The team at Friend.tech has introduced a robust security measure to safeguard its users from a series of SIM-swap attacks that have plagued the platform recently.
These attacks, which have grown in frequency since September, involve hackers gaining control of users’ phone numbers, bypassing security measures, and gaining unauthorized access to their accounts.
To counteract this growing threat, Friend.tech has implemented a two-factor authentication (2FA) password feature, offering an additional layer of protection for its users.
Friend.tech Bolstering Security with Two-Factor Authentication (2FA) Passwords
You can now add a 2FA password to your https://t.co/YOHabcBL3H account for additional protection if your cell carrier or email service becomes compromised.

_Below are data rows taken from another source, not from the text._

(* Let $(S,+)$ be an infinite commutative semigroup admitting a family $(A_x)_{x\in S}$ of finite subsets of $S$ such that for every $x\in S$: $x\in A_x$; $x\notin S+(S\setminus A_x)$; and $|S\setminus\{y\in S : A_x\subseteq A_y\}|<|S|$. Let $M\subseteq S$ with $|M|=|S|$, and for each $x\in M$ let $B_x\subseteq S$ satisfy $B_x\subseteq A_x\subseteq B_x+B_x$. Then every diagonal $D$ of the family $(B_x)_{x\in M}$ satisfies $D+D=S$. Moreover, if $s\in\mathbb{N}\cup\{\infty\}$ and $s(B_x)\le s$ for all $x\in M$, then $s(D)\le s$.
   Context: For $X,Y\subseteq S$, $X+Y=\{u+v: u\in X, v\in Y\}$. A set $D$ is a diagonal of the family $(B_x)_{x\in M}$ if for every finite set $F$, the set $\{x\in M : F\cap D=F\cap B_x\}$ has cardinality $|M|$. For $X\subseteq S$ and $n\in S$, $r(X,n)=|\{(u,v)\in X\times X : u+v=n\}|$ and $s(X)=\sup_{n\in S} r(X,n)$. *)

From HB Require Import structures.
From mathcomp Require Import all_boot all_order all_algebra.
From mathcomp Require Import all_classical.
Set Implicit Arguments.
Unset Strict Implicit.
Unset Printing Implicit Defensive.
Local Open Scope classical_set_scope.
Local Open Scope card_scope.

Definition setadd {S : Type} (add : S -> S -> S) (X Y : set S) : set S :=
  [set w | exists u v, X u /\ Y v /\ add u v = w].

Definition is_diagonal {S : Type} (M : set S) (B : S -> set S) (D : set S) : Prop :=
  forall F : set S, finite_set F ->
    [set x | M x /\ F `&` D = F `&` B x] #= M.

(* the set of representations {(u,v) in X×X : u+v = n}; r(X,n) is its cardinal *)
Definition reps {S : Type} (add : S -> S -> S) (X : set S) (n : S) : set (S * S) :=
  [set p | X p.1 /\ X p.2 /\ add p.1 p.2 = n].

(* s(X) <= s with s in N ∪ {∞} encoded as option nat (None = ∞):
   sup_n r(X,n) <= s  iff  r(X,n) <= s for every n. *)
Definition s_le {S : Type} (add : S -> S -> S) (X : set S) (s : option nat) : Prop :=
  match s with
  | None => True
  | Some k => forall n : S, reps add X n #<= `I_k
  end.

From HB Require Import structures.
From mathcomp Require Import all_boot all_order all_algebra.
From mathcomp Require Import all_classical.
Set Implicit Arguments.
Unset Strict Implicit.
Unset Printing Implicit Defensive.

Local Open Scope classical_set_scope.
Local Open Scope card_scope.

(* Since n is not in S + (S \ A_n), both summands of any representation
   n = u + v lie in A_n; hence whether n lies in X + X, and how often, depends
   only on the trace A_n ∩ X.  By diagonality A_n ∩ D = A_n ∩ B_x for |S| many
   x in M, while fewer than |S| points y fail A_n ⊆ A_y; so some such x has
   n ∈ A_n ⊆ A_x ⊆ B_x + B_x, and the representations of n in D are exactly
   those in B_x. *)

Lemma setT_card_le_nonempty (T : Type) (X : set T) (t : T) :
  [set: T] #<= X -> exists x, X x.
Proof.
move=> le_TX; apply: contrapT => noX.
have X0 : X = set0 by apply/seteqP; split=> // x Xx; apply: noX; exists x.
by move: le_TX; rewrite X0 => /card_le0P T0; have : [set: T] t by []; rewrite T0.
Qed.

Lemma setaddE (S : Type) (add : S -> S -> S) (X : set S) (n : S) :
  setadd add X X n <-> exists p, reps add X n p.
Proof.
split=> [[u [v [Xu [Xv uv]]]]|[[u v] [Xu [Xv uv]]]]; first by exists (u, v).
by exists u, v.
Qed.

Section Traces.
Variables (S : Type) (add : S -> S -> S) (A : S -> set S).
Hypothesis addC : forall a b, add a b = add b a.
Hypothesis Anot : forall x, ~ setadd add [set: S] (~` A x) x.

Lemma summand_in_A (n u v : S) : add u v = n -> A n u.
Proof.
move=> uv; apply: contrapT => nAu; apply: (@Anot n).
by exists v, u; rewrite addC.
Qed.

Lemma reps_sub_trace (X Y : set S) (n : S) :
  A n `&` X `<=` Y -> reps add X n `<=` reps add Y n.
Proof.
move=> sub_XY [u v] /= [Xu [Xv uv]].
have Au : A n u := summand_in_A uv.
have Av : A n v by apply: (summand_in_A (u := v) (v := u)); rewrite addC.
by split; [|split]; [apply: sub_XY|apply: sub_XY|].
Qed.

Lemma setadd_trace (X Y : set S) (n : S) :
  A n `&` X `<=` Y -> setadd add X X n -> setadd add Y Y n.
Proof.
move=> sub_XY /setaddE [p Xp]; apply/setaddE.
by exists p; apply: (reps_sub_trace sub_XY).
Qed.

Variables (M : set S) (B : S -> set S) (D : set S).
Hypothesis Afin : forall x, finite_set (A x).
Hypothesis HM : M #= [set: S].
Hypothesis HD : is_diagonal M B D.

Lemma diagonal_trace_agrees_large (n : S) :
  [set: S] #<= [set x | M x /\ A n `&` D = A n `&` B x].
Proof.
move: (HD (Afin n)) HM => /card_eqPle [_ le_MX] /card_eqPle [_ le_TM].
exact: card_le_trans le_TM le_MX.
Qed.

Lemma diagonal_trace_agrees_above
    (Asmall : forall x, ~ ([set: S] #<= ~` [set y | A x `<=` A y])) (n : S) :
  exists x, [/\ M x, A n `&` D = A n `&` B x & A n `<=` A x].
Proof.
apply: contrapT => nox; apply: (@Asmall n).
apply: card_le_trans (diagonal_trace_agrees_large n) _.
by apply: subset_card_le => x [Mx DB] Anx; apply: nox; exists x.
Qed.

End Traces.

Theorem mainTheorem7 (S : Type) (add : S -> S -> S)
  (addA : forall a b c, add a (add b c) = add (add a b) c)
  (addC : forall a b, add a b = add b a)
  (Sinf : infinite_set [set: S])
  (A : S -> set S)
  (Afin : forall x, finite_set (A x))
  (Ax : forall x, A x x)
  (Anot : forall x, ~ setadd add [set: S] (~` A x) x)
  (Asmall : forall x, ~ ([set: S] #<= ~` [set y | A x `<=` A y]))
  (M : set S) (HM : M #= [set: S])
  (B : S -> set S)
  (HBA : forall x, M x -> B x `<=` A x)
  (HAB : forall x, M x -> A x `<=` setadd add (B x) (B x)) :
  forall D : set S, is_diagonal M B D ->
    setadd add D D = [set: S] /\
    (forall s : option nat, (forall x, M x -> s_le add (B x) s) -> s_le add D s).
Proof.
move=> D HD; split.
  apply/seteqP; split=> // n _.
  have [x [Mx DB AnAx]] := diagonal_trace_agrees_above Afin HM HD Asmall n.
  apply: (setadd_trace addC Anot (X := B x)); first by rewrite -DB => ? [].
  exact/HAB/AnAx/Ax.
case=> [k|] //= Hs n.
have [x [Mx DB]] := setT_card_le_nonempty n
  (diagonal_trace_agrees_large Afin HM HD n).
apply: card_le_trans (Hs x Mx n); apply/subset_card_le/(reps_sub_trace addC Anot).
by rewrite DB => ? [].
Qed.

Neither the friendtech nor Privy teams can reset these passwords, so please use care when using this feature pic.twitter.com/g0m2E4att2
— friend.tech (@friendtech) October 9, 2023
In response to the security breaches caused by SIM-swap attacks, Friend.tech announced the inclusion of 2FA passwords in a post made on its official social media account on October 9. This new feature empowers users to fortify their Friend.tech accounts with an added layer of security. In the event that a user’s cell carrier or email service is compromised, the 2FA password acts as a crucial shield against unauthorized access.
Furthermore, when users sign in on new devices, they will be prompted to set up a 2FA password, creating an additional barrier against potential security breaches. It’s important to note that neither the Friend.tech nor Privy teams possess the ability to reset these 2FA passwords, placing the responsibility solely in the hands of the users.
Mixed Reactions to the Security Implementation
While some users have welcomed this move as a much-needed enhancement to the platform’s security, others have criticized Friend.tech for not taking action sooner. Notably, 0xCaptainLevi, a prominent platform creator, expressed optimism regarding the new security feature. He emphasized the significance of 2FA in elevating the social media platform’s security and popularity.
Understanding the Exploitative Nature of SIM-Swap Attacks
Blockworks founder Jason Yanowitz has shed light on one method by which SIM-swap attacks are orchestrated, in a separate thread on the topic. These malicious hackers send text messages to users, soliciting permission to change their phone numbers. Users have the option to respond with “YES” to approve the change or “NO” to decline it.
Someone is trying to hack my @friendtech
1) Text sent saying they’re changing my number
2) I respond no
3) They say to confirm no, send the verification code
4) Receive actual verification code from friend tech
5) After no response, they text again saying they’ll auto… pic.twitter.com/j76vI969jP
— Yano 🟪 (@JasonYanowitz) October 8, 2023
If a user declines the request by responding with “NO,” they receive a legitimate verification code from Friend.tech, along with a prompt to send it to the scammer’s number. This manipulative tactic places users in a vulnerable position, potentially resulting in the loss of control over their accounts and digital assets.
Enhancing Security and User Confidence
With the introduction of 2FA password protection, Friend.tech aims to fortify the security of its platform and provide users with greater peace of mind. This new feature ensures that even if cell carriers or email services are compromised, Friend.tech accounts remain secure. It marks a pivotal step towards ensuring that the platform’s users can enjoy a safer and more secure experience in the face of evolving cyber threats.